Неизвестный Довлатов: в Нью-Йорке растерялся и хотел стать швейцаром

Сергей Довлатов — писатель, имя которого известно практически во всех уголках планеты. Родился в Уфе, умер в Нью-Йорке. Эти два события стали некими «скобками судьбы». Потому что и в столице Башкирии, и в заокеанском мегаполисе Довлатов оказался не по своей воле, а в результате действия неотвратимых сил. Первая — немцы, подступившие к Ленинграду, из-за чего семье мальчика пришлось эвакуироваться в более безопасный регион страны, вторая — нежелание советской власти мириться с инакомыслящими. Из-за чего Довлатов был вынужден уехать за границу. Почему же он стал интересен миру? Сам факт существования Довлатова поднимал очень неудобные вопросы: почему гений в СССР работает кочегаром в котельной? Почему отсутствие номинальной свободы в Союзе для оказавшихся в заключении (неважно, по какой статье, политической или уголовной), превращается в тот ад, который создаем мы сами. 3 сентября ему исполнилось бы 80 лет.
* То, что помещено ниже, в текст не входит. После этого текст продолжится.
(* There is an absolute constant $C>0$ such that for every prime $p$ and integer $n\ge1$, with $G=\mathbb{Z}_p^n$: (i) there is a deterministic query algorithm which, for every $f$ hiding a subgroup $H\le G$, decides whether $H$ is trivial using at most $C\sqrt{p^{\,n-k}}$ queries; (ii) there is a deterministic query algorithm which, for every $f$ hiding a subgroup $H\le G$, outputs $H$ using at most $C\max\{k,\sqrt{\max\{1,k\}\cdot p^{\,n-k}}\}$ queries; here $k=\log_p|H|$, which is not known to the algorithms in advance.
   Context: Hidden subgroup problem ($\mathsf{HSP}$): $G$ is a finite group known to the algorithm, $X$ a finite set, and $f:G\to X$ is an unknown function with the promise that there is a subgroup $H\le G$ such that for all $g_1,g_2\in G$, $f(g_1)=f(g_2)$ iff $g_1H=g_2H$; we say $f$ hides $H$. The identification version asks to output $H$; the decision version asks whether $H$ is trivial. A deterministic query algorithm accesses $f$ only by adaptively choosing $g\in G$ and receiving $f(g)$ (a query). $\mathbb{Z}_p^n$ is the $n$-fold direct product of the additive group of integers mod $p$. *)

From Stdlib Require Import Reals.
From mathcomp Require Import all_boot all_algebra.
Set Implicit Arguments. Unset Strict Implicit. Unset Printing Implicit Defensive.
Import GRing.Theory.
Local Open Scope ring_scope.

Definition Zpn (p n : nat) := 'rV['F_p]_n.

Definition is_subgroup (G : finZmodType) (H : {set G}) : Prop :=
  0 \in H /\ (forall x y, x \in H -> y \in H -> x - y \in H).

Definition coset (G : finZmodType) (H : {set G}) (g : G) : {set G} :=
  [set g + h | h in H].

Definition hides (G : finZmodType) (X : Type) (f : G -> X) (H : {set G}) : Prop :=
  forall g1 g2, f g1 = f g2 <-> coset H g1 = coset H g2.

(* Since the oracle's codomain X
   is an arbitrary (unknown) finite set, the information an answer carries is
   its equality pattern with the previous answers: the continuation receives
   the list [a_1 == a; ...; a_m == a] comparing the new answer a with all
   previous answers a_1..a_m (in query order). *)
Inductive qtree (G Out : Type) : Type :=
| Leaf : Out -> qtree G Out
| Query : G -> (seq bool -> qtree G Out) -> qtree G Out.

Arguments Leaf {G Out}.
Arguments Query {G Out}.

Fixpoint run_from (G Out : Type) (X : eqType) (f : G -> X) (hist : seq X)
    (t : qtree G Out) {struct t} : Out * nat :=
  match t with
  | Leaf o => (o, 0%N)
  | Query g k =>
      let a := f g in
      let r := run_from f (rcons hist a) (k [seq b == a | b <- hist]) in
      (r.1, r.2.+1)
  end.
Неизвестный Довлатов: в Нью-Йорке растерялся и хотел стать швейцаром

Фото: Наташа Шарымова

Первый год в Нью-Йорке Довлатов производил впечатление оглушенного — в смуте, в тревоге, но без отчаяния. О литературе не помышлял. Не знал и не видел, с какого боку к ней здесь подступиться. Пытался трудоустроиться вне литературы. Ходил на ювелирные курсы на Манхэттене, реквизировав у жены на расплав в сырье серебряные кольца и браслет. Стоически убеждал себя и других, что способен делать бижутерию лучше мастеров, что руки его отлично приспособлены к микропредметному ремеслу, что это у него от Бога и хватит на жизнь.
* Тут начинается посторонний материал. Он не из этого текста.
Theorem lemma4p5 (T : finType) (e : rel T) (k : nat) :
  symmetric e -> irreflexive e ->
  maxdeg e = 2 ->
  0 < k ->
  #|[set C : {set T} | path_component e C && (k.-1 <= #|C|)]| = 1 ->
  s_count e (@path_rel k) <= k ->
  (~ exists c, k < c /\ has_cycle_len e c) /\
  (forall C : {set T}, path_component e C -> k.-1 <= #|C| ->
     #|C| = s_count e (@path_rel k) + k.-1).
Proof.
move=> e_sym e_irr maxdeg2 k_gt0 unique_long s_le_k.
have deg_le2 x : deg e x <= 2 by rewrite -maxdeg2; apply: leq_bigmax.
have no_long_cycle : ~ exists c, k < c /\ has_cycle_len e c.
  case=> c [k_lt_c [c_gt2 [f [f_inj f_adj]]]].
  have := cycle_s_count_gt e_sym deg_le2 f_inj f_adj c_gt2 k_gt0 k_lt_c.
  by rewrite ltnNge s_le_k.
split=> // C C_path C_long.
have C_unique D : path_component e D -> k <= #|D| -> D = C.
  move/eqP/cards1P: unique_long => [Z long_eq] D_path D_long.
  have long_Z B : path_component e B -> k.-1 <= #|B| -> B = Z.
    by move=> B_path B_long; apply/set1P; rewrite -long_eq inE B_path.
  by rewrite (long_Z C) // (long_Z D) // (leq_trans (leq_pred k)).
case/andP: (C_path) => _ /induced_isoP[psi [psi_inj psi_im psiE]].
have sub_C X : induced_iso e (@path_rel k) X -> X \subset psi @: setT.
  by rewrite psi_im; apply: induced_path_sub_component.
by rewrite (s_count_sub_path psi_inj psiE k_gt0 sub_C); lia.
Qed.
Definition gdn_sim (alpha : k) (mu : term) (beta : k) (nu : term) : Prop :=
  [/\ alpha != 0, beta != 0, rootn mu = rootn nu, len mu = len nu &
   exists s : lin,
     (forall i, (i < size s)%N ->
        len (nth (0%R : k, mu) s i).2 = len mu /\ (rootn mu < rootn (nth (0%R : k, mu) s i).2)%N) /\
     GDNzero ((alpha, mu) :: (- beta, nu) :: lscale (-1) s)].

(* rnormR b n = [b n, b (n-1), ..., b 1]_R  (for n >= 1; n = 0 unused) *)
Fixpoint rnormR (b : nat -> X) (n : nat) : term :=
  match n with
  | 0 => Var (b 0)
  | n'.+1 => if n' is 0 then Var (b 1) else Mul (Var (b n)) (rnormR b n')
  end.

(* parity |a_lo a_{lo+1} ... a_hi| of a string (false = 0 if empty) *)
Definition spar (a : nat -> X) (lo hi : nat) : bool :=
  \big[addb/false]_(lo <= m < hi.+1) par (a m).

End GDN.

From mathcomp Require Import all_boot all_order all_algebra zify.
Import GRing.Theory.
Local Open Scope ring_scope.

Set Implicit Arguments. Unset Strict Implicit. Unset Printing Implicit Defensive.

(* Modulo terms of the same length and larger root number, the first GDN
   identity gives x(yw) ~ (-1)^{|x||y|} y(xw) for letters x, y: the correction
   terms (xy)w and (yx)w have root number one more.  Left multiplication
   preserves such relations, so two adjacent letters a_{j+1}, a_j (j >= 2) of
   [a_r, ..., a_1]_R can be exchanged at the price of that sign.  Part (i) moves
   a_j to the front by r - j adjacent exchanges; part (ii) writes the
   transposition (i j) as (j j+1)(i j+1)(j j+1) and inducts on i - j. *)

Section FormalSums.
Variables (k : fieldType) (X : Type) (par : X -> bool).
Local Notation Z := (@GDNzero k X par).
Чуть позже Сережа загорелся на сильно денежную, по его словам, работу швейцара — в мундире с галунами — в роскошном отеле Манхэттена. Говорил, что исключительно приспособлен — ростом, статью и мордой — для этой должности. Что кто-то из очень влиятельных русских обещался ее достать по блату. Что он уже освоил по-английски весь словарный запас учтивого швейцара: «Эй, такси!», «Позвольте подсадить», «Ваши чемоданы!», «Премного благодарен». И что-то еще из низменных профессий он на полном серьезе осваивал.

Эта — на целый год — заминка в дельной ориентации случилась из-за его совковых предрассудков. Тот год он прожил в Нью-Йорке как окончательно заблудившийся человек, но с точным знанием, в какую сторону ему надо выбираться. В Союзе Сережа добивался официального признания своего писательства. Издательства, журналы, газеты, которых он вожделел так же сильно и столь же безнадежно, как землемер у Кафки свой Замок, были государственными институтами — на государственном обеспечении и режиме работы. В русском Нью-Йорке Довлатов таких учреждений не нашел и, приняв за неизбежность, смирился.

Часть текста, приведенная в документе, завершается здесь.